┌──

(* Let $0<\varepsilon<|B|$, $r>0$, $r_{\max}=r\sqrt{\log(|B|/\varepsilon)}$, and for $c\in\mathbb{R}^d$ let $K'_c(x)=K_c(x)$ if $\|x-c\|\le r_{\max}$ and $K'_c(x)=0$ otherwise. Then for every center $c\in\mathbb{R}^d$, \[ |\Phi(K_c)-\Phi(K'_c)|\le\varepsilon. \]
   Context: $B\subset\mathbb{R}^d$ finite nonempty, $m:B\to\{0,1\}$, $M=\{x\in B:m(x)=1\}$. Gaussian kernel with center $c$ and bandwidth $r$: $K_c(x)=\exp(-\|x-c\|^2/r^2)$. For $p,q\in[0,1]$ and $K:B\to[0,1]$: $g(x)=pK(x)+q(1-K(x))$, $\ell(p,q,K)=\frac{1}{|B|}\big(\sum_{x\in M}\log g(x)+\sum_{x\in B\setminus M}\log(1-g(x))\big)$ ($\log 0=-\infty$), $\ell_0(q)=\frac1{|B|}(|M|\log q+|B\setminus M|\log(1-q))$, and $\Phi(K)=\max_{p,q\in[0,1]}\ell(p,q,K)-\max_{q\in[0,1]}\ell_0(q)$. Standing assumption: the maximizer $(p^*,q^* )$ of $\ell(\cdot,\cdot,K)$ lies in $(0,1)^2$ with finite value. *)

(* classical reals. Points of R^d are lists of reals of length d. *)
From Stdlib Require Import Reals Lra List.
Import ListNotations.
Open Scope R_scope.

Definition point := list R.

Definition sqdist (x c : point) : R :=
  fold_right Rplus 0 (map (fun ab => (fst ab - snd ab) ^ 2) (combine x c)).

Definition dist (x c : point) : R := sqrt (sqdist x c).

(* sum over the finite set B (given as a duplicate-free list) *)
Definition sumB (B : list point) (f : point -> R) : R :=
  fold_right Rplus 0 (map f B).

Definition gaussK (r : R) (c : point) (x : point) : R :=
  exp (- sqdist x c / r ^ 2).

Definition truncK (r rmax : R) (c : point) (x : point) : R :=
  if Rle_dec (dist x c) rmax then gaussK r c x else 0.

Definition gfun (p q : R) (K : point -> R) (x : point) : R :=
  p * K x + q * (1 - K x).

(* l(p,q,K) is finite (all log arguments positive) *)
Definition ell_finite (B : list point) (m : point -> bool) (p q : R)
  (K : point -> R) : Prop :=
  forall x, In x B -> if m x then 0 < gfun p q K x else gfun p q K x < 1.

(* value of l(p,q,K) when finite *)
Definition ell (B : list point) (m : point -> bool) (p q : R) (K : point -> R) : R :=
  / INR (length B) *
  sumB B (fun x => if m x then ln (gfun p q K x) else ln (1 - gfun p q K x)).

Definition ell0_finite (B : list point) (m : point -> bool) (q : R) : Prop :=
  forall x, In x B -> if m x then 0 < q else q < 1.

Definition ell0 (B : list point) (m : point -> bool) (q : R) : R :=
  / INR (length B) * sumB B (fun x => if m x then ln q else ln (1 - q)).

Definition in01 (t : R) : Prop := 0 <= t <= 1.

(* L is max_{p,q in [0,1]} l(p,q,K) (finite value attained; -infinity values
   of l are simply dominated) *)
Definition IsMaxEll (B : list point) (m : point -> bool) (K : point -> R) (L : R) : Prop :=
  (exists p q, in01 p /\ in01 q /\ ell_finite B m p q K /\ ell B m p q K = L) /\
  (forall p q, in01 p -> in01 q -> ell_finite B m p q K -> ell B m p q K <= L).

Definition IsMaxEll0 (B : list point) (m : point -> bool) (L0 : R) : Prop :=
  (exists q, in01 q /\ ell0_finite B m q /\ ell0 B m q = L0) /\
  (forall q, in01 q -> ell0_finite B m q -> ell0 B m q <= L0).

Definition IsPhi (B : list point) (m : point -> bool) (K : point -> R) (v : R) : Prop :=
  exists L L0, IsMaxEll B m K L /\ IsMaxEll0 B m L0 /\ v = L - L0.

Definition StandingAssumption (B : list point) (m : point -> bool) (K : point -> R) : Prop :=
  exists p q, 0 < p < 1 /\ 0 < q < 1 /\ ell_finite B m p q K /\
    (forall p' q', in01 p' -> in01 q' -> ell_finite B m p' q' K ->
       ell B m p' q' K <= ell B m p q K).

From Pilot Require Import Defs.
From Stdlib Require Import Reals List Lra Psatz.
Open Scope R_scope.

(* Write n = |B| and t = eps/n.  Outside the ball of radius
   rmax = r sqrt(ln(n/eps)) the Gaussian kernel is below t, so the truncated
   kernel K' agrees with K on B except at points where K < t, where K' = 0
   ("K' is a t-truncation of K", [IsTruncation]).  Both Phi values share the
   null term max l0, so only the two maxima of l have to be compared.

   The basic tool is [ell_compare]: if the success and failure probabilities
   of one model dominate c times those of another at every point of B, the
   log-likelihoods differ by at least ln c.  Moving a maximizer (p,q) of one
   kernel to a suitable parameter pair for the other kernel gives
     max l(K') + ln(1-t) <= max l(K)   and   max l(K) - ln(1+t) <= max l(K').
   The second bound yields Phi(K) - Phi(K') <= ln(1+t) <= t <= eps; the first
   gives Phi(K') - Phi(K) <= -ln(1-t) <= eps/(n-eps) <= eps when eps <= n-1;
   otherwise Phi(K') - Phi(K) <= max l(K') - max l0 <= -max l0, which is at
   most ln 2 <= 1 <= eps (if eps >= 1) or 0 (if n = 1).  This gives
   [phi_truncation_bound] for arbitrary kernels; the theorem is its special
   case for the Gaussian kernel, the standing assumption being unnecessary. *)

Lemma ln_le_mono x y : 0 < x -> x <= y -> ln x <= ln y.
Proof.
  intros Hx [Hlt | ->]; [left; apply ln_increasing; assumption | right; reflexivity].
Qed.

Lemma ln_le_sub1 y : 0 < y -> ln y <= y - 1.
Proof. intros Hy. pose proof (exp_ineq1_le (ln y)). rewrite exp_ln in H by exact Hy. lra. Qed.

Lemma neg_ln_one_minus_le t : 0 <= t < 1 -> - ln (1 - t) <= t / (1 - t).
Proof.
  intros Ht. rewrite <- ln_Rinv by lra.
  replace (t / (1 - t)) with (/ (1 - t) - 1) by (field; lra).
  apply ln_le_sub1, Rinv_0_lt_compat; lra.
Qed.

(* Needed to bound the null log-likelihood, which is always >= -ln 2. *)
Lemma ln_2_le_1 : ln 2 <= 1.
Proof.
  rewrite <- (ln_exp 1). apply ln_le_mono; [lra|].
  pose proof (exp_ineq1_le 1). lra.
Qed.

Lemma sumB_ext B (f g : point -> R) :
  (forall x, In x B -> f x = g x) -> sumB B f = sumB B g.
Proof.
  induction B as [|b B IH]; intros H; unfold sumB in *; simpl; [reflexivity|].
  rewrite (H b (or_introl eq_refl)), (IH (fun x Hx => H x (or_intror Hx))). reflexivity.
Qed.

Lemma sumB_const B a : sumB B (fun _ => a) = INR (length B) * a.
Proof.
  induction B as [|b B IH]; unfold sumB in *; simpl length; [simpl; lra|].
  rewrite S_INR; cbn [map fold_right]. rewrite IH. lra.
Qed.

Lemma sumB_lower_bound B (f g : point -> R) a :
  (forall x, In x B -> g x + a <= f x) -> sumB B g + INR (length B) * a <= sumB B f.
Proof.
  induction B as [|b B IH]; intros H; unfold sumB in *; simpl length; [simpl; lra|].
  rewrite S_INR; cbn [map fold_right].
  pose proof (H b (or_introl eq_refl)).
  pose proof (IH (fun x Hx => H x (or_intror Hx))). lra.
Qed.

Lemma length_pos (B : list point) : B <> nil -> 0 < INR (length B).
Proof.
  destruct B as [|b B]; [congruence|]. intros _.
  simpl length. rewrite S_INR. pose proof (pos_INR (length B)). lra.
Qed.

Lemma gfun_in01 p q K x : in01 p -> in01 q -> 0 <= K x <= 1 -> in01 (gfun p q K x).
Proof. unfold in01, gfun. intros Hp Hq HK. split; nra. Qed.

Definition IsTruncation (B : list point) (t : R) (K K' : point -> R) : Prop :=
  forall x, In x B -> 0 <= K x <= 1 /\ (K' x = K x \/ (K' x = 0 /\ K x < t)).

Lemma truncation_range B t K K' :
  IsTruncation B t K K' -> forall x, In x B -> 0 <= K' x <= 1.
Proof. intros Htr x Hx. destruct (Htr x Hx) as [HK [-> | [-> _]]]; lra. Qed.

(* Pointwise comparison, truncated -> full kernel with the same (p,q):
   where K' = 0 the mixture only gains the term p k, and k < t costs at most
   a factor 1 - t on either probability. *)
Lemma mix_truncation_to_full p q k k' t :
  in01 p -> in01 q -> 0 <= k <= 1 -> 0 <= t -> (k' = k \/ (k' = 0 /\ k < t)) ->
  (1 - t) * (p * k' + q * (1 - k')) <= p * k + q * (1 - k) /\
  (1 - t) * (1 - (p * k' + q * (1 - k'))) <= 1 - (p * k + q * (1 - k)).
Proof.
  unfold in01. intros Hp Hq Hk Ht [-> | [-> Hkt]].
  - assert (0 <= p * k + q * (1 - k) <= 1) by nra. split; nra.
  - split; nra.
Qed.

(* Pointwise comparison, full -> truncated kernel: shrinking by a = 1/(1+t)
   and moving the background rate to q' = a q + (1 - a) p absorbs the mass
   k < t that the truncation removes. *)
Lemma mix_full_to_truncation p q k k' t :
  in01 p -> in01 q -> 0 <= k <= 1 -> 0 <= t -> (k' = k \/ (k' = 0 /\ k < t)) ->
  let a := / (1 + t) in
  let q' := a * q + (1 - a) * p in
  a * (p * k + q * (1 - k)) <= p * k' + q' * (1 - k') /\
  a * (1 - (p * k + q * (1 - k))) <= 1 - (p * k' + q' * (1 - k')).
Proof.
  intros Hp Hq Hk Ht Hk' a q'. unfold in01 in *.
  assert (Ha : 0 < a) by (apply Rinv_0_lt_compat; lra).
  assert (Hat : 1 - a = a * t) by (unfold a; field; lra).
  unfold q'. rewrite Hat.
  destruct Hk' as [-> | [-> Hkt]].
  - split.
    + assert (0 <= a * t * p) by (apply Rmult_le_pos; nra).
      assert (p * k + (a * q + a * t * p) * (1 - k) - a * (p * k + q * (1 - k))
              = a * t * p) by (rewrite <- Hat; ring). lra.
    + assert (0 <= a * t * (1 - p)) by (apply Rmult_le_pos; nra).
      assert (1 - (p * k + (a * q + a * t * p) * (1 - k)) - a * (1 - (p * k + q * (1 - k)))
              = a * t * (1 - p)) by (rewrite <- Hat; ring). lra.
  - split.
    + assert (0 <= a * p * (t - k)) by (apply Rmult_le_pos; nra).
      assert (0 <= a * q * k) by (apply Rmult_le_pos; nra). nra.
    + assert (0 <= a * (1 - p) * (t - k)) by (apply Rmult_le_pos; nra).
      assert (0 <= a * (1 - q) * k) by (apply Rmult_le_pos; nra). nra.
Qed.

└──

» Requirement:
Among the records, find every line holding the word "gaussK" and copy it.

» Solution to the problem:
Definition gaussK (r : R) (c : point) (x : point) : R :=
  if Rle_dec (dist x c) rmax then gaussK r c x else 0.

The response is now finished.